> Action item
Please give the count of lines below with the string "invfM" in them, and no other words.
Content starts
(* Suppose $V$ is irreducible and $\bar p$ is the maximizer of $p\mapsto\min_{k}\mathrm{SIR}_k(p)/\gamma_k$ over $\mathcal P$. Then there is $\beta>0$ such that for every $n\in\mathcal N_0(\bar p)$ both $\beta\tilde p=A^{(n)}\tilde p$ with $\tilde p=(\bar p,1)\in\mathbb R_{++}^{K+1}$ and $\beta\bar p=B^{(n)}\bar p$ hold.
   Context: Network model: $K\ge 2$ links, $\mathcal K=\{1,\dots,K\}$. Power constraint set $\mathcal P=\{p\in\mathbb R_+^K: Cp\le\hat p\}$, where $C\in\{0,1\}^{N\times K}$ has at least one entry equal to $1$ in each column and $\hat p=(P_1,\dots,P_N)\in\mathbb R_{++}^N$; $\mathcal N=\{1,\dots,N\}$; $c_n\in\{0,1\}^K$ is the $n$-th row of $C$ (as a column vector) and $g_n(p)=c_n^Tp/P_n$. Gain matrix $V\in\mathbb R_+^{K\times K}$ with zero diagonal, noise vector $z\in\mathbb R_{++}^K$, $\mathrm{SIR}_k(p)=p_k/((Vp)_k+z_k)$. SIR targets $\gamma_k>0$, $\Gamma=\mathrm{diag}(\gamma_1,\dots,\gamma_K)$. For $n\in\mathcal N$: $B^{(n)}=\Gamma V+\frac1{P_n}\Gamma z c_n^T\in\mathbb R_+^{K\times K}$ and $A^{(n)}=\begin{pmatrix}\Gamma V&\Gamma z\\ \frac1{P_n}c_n^T\Gamma V&\frac1{P_n}c_n^T\Gamma z\end{pmatrix}\in\mathbb R_+^{(K+1)\times(K+1)}$. For $p\in\mathbb R_+^K$, $\mathcal N_0(p)=\{n\in\mathcal N: g_n(p)=\max_{m\in\mathcal N}g_m(p)=1\}$. *)

From HB Require Import structures.
From mathcomp Require Import all_boot all_order all_algebra.
Set Implicit Arguments. Unset Strict Implicit. Unset Printing Implicit Defensive.
Import Order.TTheory GRing.Theory Num.Theory.
Local Open Scope ring_scope.

Section Defs.
Variable R : realFieldType.

(* minimum of a function over 'I_K (default is one of the values, so this is
   the genuine minimum whenever K > 0). *)
Definition min_fin (K : nat) (f : 'I_K -> R) : R :=
  \big[Num.min/ head 0 (map f (enum 'I_K))]_k f k.

Definition irreducible_mx (K : nat) (V : 'M[R]_K) : Prop :=
  forall i j : 'I_K, exists m : nat, (0 < m)%N /\ 0 < (V ^+ m) i j.

Definition SIR (K : nat) (V : 'M[R]_K) (z p : 'cV[R]_K) (k : 'I_K) : R :=
  p k 0 / ((V *m p) k 0 + z k 0).

Definition in_P (N K : nat) (C : 'M[R]_(N, K)) (phat : 'cV[R]_N) (p : 'cV[R]_K) : Prop :=
  (forall k, 0 <= p k 0) /\ (forall n, (C *m p) n 0 <= phat n 0).

Definition gfun (N K : nat) (C : 'M[R]_(N, K)) (phat : 'cV[R]_N) (n : 'I_N) (p : 'cV[R]_K) : R :=
  (row n C *m p) 0 0 / phat n 0.

Definition in_N0 (N K : nat) (C : 'M[R]_(N, K)) (phat : 'cV[R]_N) (p : 'cV[R]_K) (n : 'I_N) : Prop :=
  gfun C phat n p = \big[Num.max/ gfun C phat n p]_(m < N) gfun C phat m p
  /\ gfun C phat n p = 1.

Definition Gam (K : nat) (gamma : 'rV[R]_K) : 'M[R]_K := diag_mx gamma.

Definition Bmx (N K : nat) (C : 'M[R]_(N, K)) (phat : 'cV[R]_N) (V : 'M[R]_K)
  (z : 'cV[R]_K) (gamma : 'rV[R]_K) (n : 'I_N) : 'M[R]_K :=
  Gam gamma *m V + (phat n 0)^-1 *: (Gam gamma *m z *m row n C).

Definition Amx (N K : nat) (C : 'M[R]_(N, K)) (phat : 'cV[R]_N) (V : 'M[R]_K)
  (z : 'cV[R]_K) (gamma : 'rV[R]_K) (n : 'I_N) : 'M[R]_(K + 1) :=
  block_mx (Gam gamma *m V) (Gam gamma *m z)
           ((phat n 0)^-1 *: (row n C *m Gam gamma *m V))
           ((phat n 0)^-1 *: (row n C *m Gam gamma *m z)).

Definition ext1 (K : nat) (p : 'cV[R]_K) : 'cV[R]_(K + 1) := col_mx p (const_mx 1).

End Defs.

From HB Require Import structures.
From mathcomp Require Import all_boot all_order all_algebra.
Import Order.TTheory GRing.Theory Num.Theory.
Local Open Scope ring_scope.

(* Write D_k(p) = (Vp)_k + z_k and r_k(p) = SIR_k(p)/gamma_k = p_k/(gamma_k D_k(p)),
   and let opt = min_k r_k(pbar) be the optimal max-min value (opt > 0, as some
   feasible power vector has positive entries).  The heart of the proof is that
   at the optimum all ratios r_k(pbar) equal opt.  Call p "good" if it is
   feasible and min_k r_k(p) >= opt; its bottleneck set
   S(p) = {k | r_k(p) <= opt} is nonempty by optimality.  If S(p) is not
   everything, moving every p_k halfway down to opt gamma_k D_k(p) keeps p good, and since V is irreducible some
   bottleneck link k receives interference from a slack link j, whose power
   strictly drops; so k leaves the bottleneck set and S shrinks strictly.
   Induction on #|S(p)| thus forces S(pbar) to be the whole index set.
   Balancing reads Gamma (V pbar + z) = opt^-1 pbar, and together with
   g_n(pbar) = 1 for n in N_0(pbar) this is exactly the eigen-equation for
   A^(n) and B^(n) with beta = opt^-1 (pure block-matrix algebra). *)

Lemma min_fin_le {R : realFieldType} {K : nat} (f : 'I_K -> R) (k : 'I_K) :
  min_fin f <= f k.
Proof.
rewrite /min_fin; elim: (index_enum _) (mem_index_enum k) => [|i s IH] //.
rewrite big_cons in_cons ge_min => /orP[/eqP <-|/IH ->]; last by rewrite orbT.
by rewrite lexx.
Qed.

Lemma min_fin_attained {R : realFieldType} {K : nat} (f : 'I_K -> R) :
  (0 < K)%N -> exists k, min_fin f = f k.
Proof.
move=> K_gt0; rewrite /min_fin.
apply: (big_ind (fun x => exists k, x = f k)) => [||i _]; last by exists i.
- have: (0 < size (enum 'I_K))%N by rewrite size_enum_ord.
  by case: (enum 'I_K) => [|k s] // _; exists k.
- by move=> x y [i ->] [j ->]; rewrite minEle; case: ifP => _; [exists i|exists j].
Qed.

Lemma closed_set_mx_pow {R : pzRingType} {K : nat} {V : 'M[R]_K} {S : {set 'I_K}} :
  (forall k j, k \in S -> j \notin S -> V k j = 0) ->
  forall m k j, k \in S -> j \notin S -> (V ^+ m) k j = 0.
Proof.
move=> closedS; elim=> [|m IH] k j kS jS.
  by rewrite expr0 mxE; case: eqP => // k_j; move: jS; rewrite -k_j kS.
rewrite exprS -mulmxE mxE big1 // => l _.
by case: (boolP (l \in S)) => lS; [rewrite IH ?mulr0 | rewrite closedS ?mul0r].
Qed.

Lemma irreducible_edge_out {R : realFieldType} {K : nat} (V : 'M[R]_K)
    (S : {set 'I_K}) :
  irreducible_mx V -> (exists k, k \in S) -> (exists j, j \notin S) ->
  exists k j, [/\ k \in S, j \notin S & V k j != 0].
Proof.
move=> irrV [k0 k0S] [j0 j0S].
have [/existsP[k /existsP[j /and3P[kS jS Vkj]]]|/existsPn noedge] :=
  boolP [exists k, exists j, [&& k \in S, j \notin S & V k j != 0]].
  by exists k, j.
have closedS k j : k \in S -> j \notin S -> V k j = 0.
  by move=> kS jS; apply/eqP; move/existsPn/(_ j): (noedge k); rewrite kS jS negbK.
have [m [_ Vm_pos]] := irrV k0 j0.
by rewrite (closed_set_mx_pow closedS) ?ltxx in Vm_pos.
Qed.

Section MaxMinSIR.
Context {R : realFieldType} {K N : nat} {C : 'M[R]_(N, K)} {phat : 'cV[R]_N}.
Context {V : 'M[R]_K} {z : 'cV[R]_K} {gamma : 'rV[R]_K}.
Hypothesis C01 : forall n k, C n k = 0 \/ C n k = 1.
Hypothesis phat_gt0 : forall n, 0 < phat n 0.
Hypothesis V_ge0 : forall i j, 0 <= V i j.
Hypothesis z_gt0 : forall k, 0 < z k 0.
Hypothesis gamma_gt0 : forall k, 0 < gamma 0 k.

Definition intf (p : 'cV[R]_K) (k : 'I_K) : R := (V *m p) k 0 + z k 0.
Definition ratio (p : 'cV[R]_K) (k : 'I_K) : R := SIR V z p k / gamma 0 k.

Definition nonneg (p : 'cV[R]_K) : Prop := forall k, 0 <= p k 0.

Lemma intf_gt0 (p : 'cV[R]_K) (k : 'I_K) : nonneg p -> 0 < intf p k * gamma 0 k.
Proof.
move=> p_ge0; rewrite mulr_gt0 // /intf mxE ltr_wpDl //.
by apply: sumr_ge0 => j _; apply: mulr_ge0.
Qed.

Lemma ratioE (p : 'cV[R]_K) (k : 'I_K) : ratio p k = p k 0 / (intf p k * gamma 0 k).
Proof. by rewrite /ratio /SIR invfM mulrA. Qed.

Lemma ratio_ge (p : 'cV[R]_K) (k : 'I_K) (a : R) : nonneg p ->
  (a <= ratio p k) = (a * (intf p k * gamma 0 k) <= p k 0).
Proof. by move=> p_ge0; rewrite ratioE ler_pdivlMr ?intf_gt0. Qed.

Lemma ratio_gt (p : 'cV[R]_K) (k : 'I_K) (a : R) : nonneg p ->
  (a < ratio p k) = (a * (intf p k * gamma 0 k) < p k 0).
Proof. by move=> p_ge0; rewrite ratioE ltr_pdivlMr ?intf_gt0. Qed.

Lemma intf_le (p q : 'cV[R]_K) (k : 'I_K) :
  (forall j, q j 0 <= p j 0) -> intf q k <= intf p k.
Proof.
move=> q_le_p; rewrite /intf lerD2r !mxE; apply: ler_sum => j _.
exact: ler_wpM2l.
Qed.

Lemma intf_lt {p q : 'cV[R]_K} {k j : 'I_K} :
  (forall i, q i 0 <= p i 0) -> V k j != 0 -> q j 0 < p j 0 -> intf q k < intf p k.
Proof.
move=> q_le_p Vkj qj_lt; rewrite /intf ltrD2r !mxE (bigD1 j) //= [X in _ < X](bigD1 j) //=.
apply: ltr_leD; first by rewrite ltr_pM2l // lt_neqAle eq_sym Vkj V_ge0.
by apply: ler_sum => i _; apply: ler_wpM2l.
Qed.

Lemma in_P_down (p q : 'cV[R]_K) : in_P C phat p -> nonneg q ->
  (forall k, q k 0 <= p k 0) -> in_P C phat q.
Proof.
move=> [_ Cp_le] q_ge0 q_le_p; split=> // n; apply: le_trans (Cp_le n).
rewrite !mxE; apply: ler_sum => k _; apply: ler_wpM2l => //.
by case: (C01 n k) => ->; rewrite ?lexx ?ler01.
Qed.

(* A small enough uniform power vector is feasible. *)
Lemma feasible_positive : (0 < K)%N -> exists2 p, in_P C phat p & forall k, 0 < p k 0.
Proof.
move=> K_gt0; pose s := \sum_n (phat n 0)^-1.
have s_ge0 : 0 <= s by apply: sumr_ge0 => n _; rewrite invr_ge0 ltW.
pose eps := (K%:R * (1 + s))^-1.
have eps_gt0 : 0 < eps by rewrite invr_gt0 mulr_gt0 ?ltr0n ?ltr_pwDl.
exists (const_mx eps) => [|k]; last by rewrite mxE.
split=> [k|n]; first by rewrite mxE ltW.
rewrite mxE (@le_trans _ _ (\sum_(k < K) eps)) //.
  apply: ler_sum => k _; rewrite mxE.
  by case: (C01 n k) => ->; rewrite ?mul0r ?mul1r ?lexx ?ltW.
rewrite sumr_const card_ord -mulr_natl /eps invfM mulrA divff ?mul1r ?pnatr_eq0 -?lt0n //.
rewrite -[phat n 0]invrK lef_pV2 ?posrE ?invr_gt0 ?ltr_pwDl //.
rewrite /s (bigD1 n) //= addrCA lerDl addr_ge0 // sumr_ge0 // => i _.
by rewrite invr_ge0 ltW.
Qed.

Context {pbar : 'cV[R]_K}.
Hypothesis K_gt0 : (0 < K)%N.
Hypothesis pbar_feasible : in_P C phat pbar.
Hypothesis pbar_opt :
  forall p, in_P C phat p -> min_fin (ratio p) <= min_fin (ratio pbar).

Definition opt : R := min_fin (ratio pbar).

Lemma opt_gt0 : 0 < opt.
Proof.
have [p p_feas p_gt0] := feasible_positive K_gt0.
have [k mink] := min_fin_attained (ratio p) K_gt0.
apply: lt_le_trans (pbar_opt _ p_feas); rewrite mink ratio_gt ?mul0r //.
by move=> j; apply: ltW.
Qed.

Definition good (p : 'cV[R]_K) : Prop := in_P C phat p /\ forall k, opt <= ratio p k.
Definition bottleneck (p : 'cV[R]_K) : {set 'I_K} := [set k | ratio p k <= opt].

Lemma bottleneck_nonempty {p : 'cV[R]_K} : good p -> exists k, k \in bottleneck p.
Proof.
move=> [p_feas _]; have [k mink] := min_fin_attained (ratio p) K_gt0.
by exists k; rewrite inE -mink pbar_opt.
Qed.

(* Descent step: lowering every power halfway towards its balancing level
   opt * gamma_k D_k(p) strictly shrinks a proper bottleneck set. *)
Lemma bottleneck_shrink {p : 'cV[R]_K} : irreducible_mx V -> good p ->
  bottleneck p != setT -> exists2 q, good q & bottleneck q \proper bottleneck p.
Proof.
move=> irrV [p_feas p_ge] slack.
have p_ge0 : nonneg p := p_feas.1.
pose lvl k := opt * (intf p k * gamma 0 k).
have lvl_le k : lvl k <= p k 0 by rewrite -ratio_ge // p_ge.
pose q : 'cV[R]_K := \col_k ((lvl k + p k 0) / 2).
have qE k : q k 0 = (lvl k + p k 0) / 2 by rewrite mxE.
have q_le_p k : q k 0 <= p k 0 by rewrite qE (midf_le (lvl_le k)).2.
have lvl_le_q k : lvl k <= q k 0 by rewrite qE (midf_le (lvl_le k)).1.
have q_ge0 : nonneg q.
  by move=> k; apply: le_trans (lvl_le_q k); rewrite mulr_ge0 ?ltW ?opt_gt0 ?intf_gt0.
have lvl_q k : opt * (intf q k * gamma 0 k) <= lvl k.
  by rewrite ler_pM2l ?opt_gt0 // ler_pM2r ?intf_le.
have slack_stays k : opt < ratio p k -> opt < ratio q k.
  rewrite !ratio_gt // qE => /midf_lt[lt_q _]; exact: le_lt_trans (lvl_q k) lt_q.
have [k [j [kS jS Vkj]]] : exists k j,
    [/\ k \in bottleneck p, j \notin bottleneck p & V k j != 0].
  apply: irreducible_edge_out => //; first exact: bottleneck_nonempty.
  by move: slack; rewrite eqEsubset subsetT /= => /subsetPn[j _ jS]; exists j.
have qj_lt : q j 0 < p j 0.
  by move: jS; rewrite inE -ltNge ratio_gt // qE => /midf_lt[].
exists q; first split.
- exact: in_P_down p_feas q_ge0 q_le_p.
- by move=> i; rewrite ratio_ge // (le_trans (lvl_q i) (lvl_le_q i)).
- apply/properP; split.
    by apply/subsetP => i; rewrite !inE; apply: contraTT; rewrite -!ltNge; apply: slack_stays.
  exists k => //; rewrite inE -ltNge ratio_gt //; apply: lt_le_trans (lvl_le_q k).
  by rewrite ltr_pM2l ?opt_gt0 // ltr_pM2r ?(intf_lt q_le_p Vkj).
Qed.

Lemma ratio_balanced : irreducible_mx V -> forall k, ratio pbar k = opt.
Proof.
move=> irrV.
have all_bottleneck n p : (#|bottleneck p| <= n)%N -> good p -> bottleneck p = setT.
  elim: n p => [|n IH] p card_le p_good.
    have [k kS] := bottleneck_nonempty p_good.
    by move: card_le; rewrite leqn0 cards_eq0 => /eqP S0; rewrite S0 inE in kS.
  apply/eqP; apply: contraT => slack.
  have [q q_good /[dup] q_proper /proper_card lt_card] := bottleneck_shrink irrV p_good slack.
  have q_full : bottleneck q = setT.
    by apply: IH q_good; rewrite -ltnS (leq_trans lt_card).
  by rewrite q_full properE subsetT andbF in q_proper.
have pbar_good : good pbar by split=> // k; apply: min_fin_le.
move=> k; apply/eqP; rewrite eq_le min_fin_le andbT.
have : k \in bottleneck pbar by rewrite (all_bottleneck _ _ (leqnn _) pbar_good) inE.
by rewrite inE.
Qed.

Lemma optimum_fixed_point : irreducible_mx V ->
  exists2 beta, 0 < beta & Gam gamma *m (V *m pbar + z) = beta *: pbar.
Proof.
move=> irrV; exists opt^-1; first by rewrite invr_gt0 opt_gt0.
apply/matrixP => k j; rewrite (ord1 j) /Gam mul_diag_mx !mxE.
have pbar_ge0 : nonneg pbar := pbar_feasible.1.
have balanced : pbar k 0 = opt * (intf pbar k * gamma 0 k).
  by rewrite -(ratio_balanced irrV k) ratioE divfK ?gt_eqF ?intf_gt0.
by rewrite balanced mulKf ?gt_eqF ?opt_gt0 // /intf mxE mulrC.
Qed.

Lemma optimum_positive : irreducible_mx V -> forall k, 0 < pbar k 0.
Proof.
move=> irrV k; have := opt_gt0; rewrite -(ratio_balanced irrV k) ratio_gt ?mul0r //.
exact: pbar_feasible.1.
Qed.

End MaxMinSIR.

Lemma mulmx_const1 {R : pzSemiRingType} {m : nat} (X : 'M[R]_(m, 1)) :
  X *m const_mx 1 = X.
Proof. by apply/matrixP => i j; rewrite !ord1 !mxE big_ord1 mxE mulr1. Qed.

Section EigenEquations.
Context {R : realFieldType} {K N : nat} {C : 'M[R]_(N, K)} {phat : 'cV[R]_N}.
Context {V : 'M[R]_K} {z : 'cV[R]_K} {gamma : 'rV[R]_K}.
Context {p : 'cV[R]_K} {beta : R} {n : 'I_N}.
Hypothesis fixed_point : Gam gamma *m (V *m p + z) = beta *: p.
Hypothesis active : gfun C phat n p = 1.

Lemma active_row : (phat n 0)^-1 *: (row n C *m p) = const_mx 1.
Proof. by apply/matrixP => i j; rewrite !ord1 mxE [RHS]mxE mulrC; apply: active. Qed.

Lemma Bmx_eigen : beta *: p = Bmx C phat V z gamma n *m p.
Proof.
rewrite /Bmx mulmxDl -scalemxAl -[_ *m row n C *m p]mulmxA scalemxAr active_row.
by rewrite mulmx_const1 -mulmxA -mulmxDr fixed_point.
Qed.

Lemma Amx_eigen : beta *: ext1 p = Amx C phat V z gamma n *m ext1 p.
Proof.
have fixed_point' : Gam gamma *m (V *m p) + Gam gamma *m z = beta *: p.
  by rewrite -mulmxDr fixed_point.
rewrite /ext1 /Amx mul_block_col scale_col_mx !mulmx_const1 -mulmxA fixed_point'.
congr col_mx; rewrite -!scalemxAl -scalerDr -!mulmxA -mulmxDr fixed_point'.
by rewrite -scalemxAr scalerA mulrC -scalerA active_row.
Qed.

End EigenEquations.

Theorem lemma3 (R : realFieldType) (K N : nat)
  (C : 'M[R]_(N, K)) (phat : 'cV[R]_N) (V : 'M[R]_K) (z : 'cV[R]_K)
  (gamma : 'rV[R]_K) (pbar : 'cV[R]_K) :
  (2 <= K)%N ->
  (forall n k, C n k = 0 \/ C n k = 1) ->
  (forall k, exists n, C n k = 1) ->
  (forall n, 0 < phat n 0) ->
  (forall i j, 0 <= V i j) ->
  (forall i, V i i = 0) ->
  (forall k, 0 < z k 0) ->
  (forall k, 0 < gamma 0 k) ->
  irreducible_mx V ->
  in_P C phat pbar ->
  (forall p, in_P C phat p ->
     min_fin (fun k => SIR V z p k / gamma 0 k)
       <= min_fin (fun k => SIR V z pbar k / gamma 0 k)) ->
  (forall k, 0 < pbar k 0) /\
  exists beta : R, 0 < beta /\
    forall n, in_N0 C phat pbar n ->
      beta *: ext1 pbar = Amx C phat V z gamma n *m ext1 pbar /\
      beta *: pbar = Bmx C phat V z gamma n *m pbar.
Proof.
move=> K_ge2 C01 _ phat_gt0 V_ge0 _ z_gt0 gamma_gt0 irrV pbar_feas pbar_opt.
have K_gt0 : (0 < K)%N by apply: leq_trans K_ge2.
split; first exact: (optimum_positive C01 phat_gt0 V_ge0 z_gt0 gamma_gt0 K_gt0
  pbar_feas pbar_opt irrV).
have [beta beta_gt0 fixed] := optimum_fixed_point C01 phat_gt0 V_ge0 z_gt0
  gamma_gt0 K_gt0 pbar_feas pbar_opt irrV.
exists beta; split=> // n [_ active].
by split; [apply: Amx_eigen fixed active | apply: Bmx_eigen fixed active].
Qed.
Content ends
> Response for this exercise
2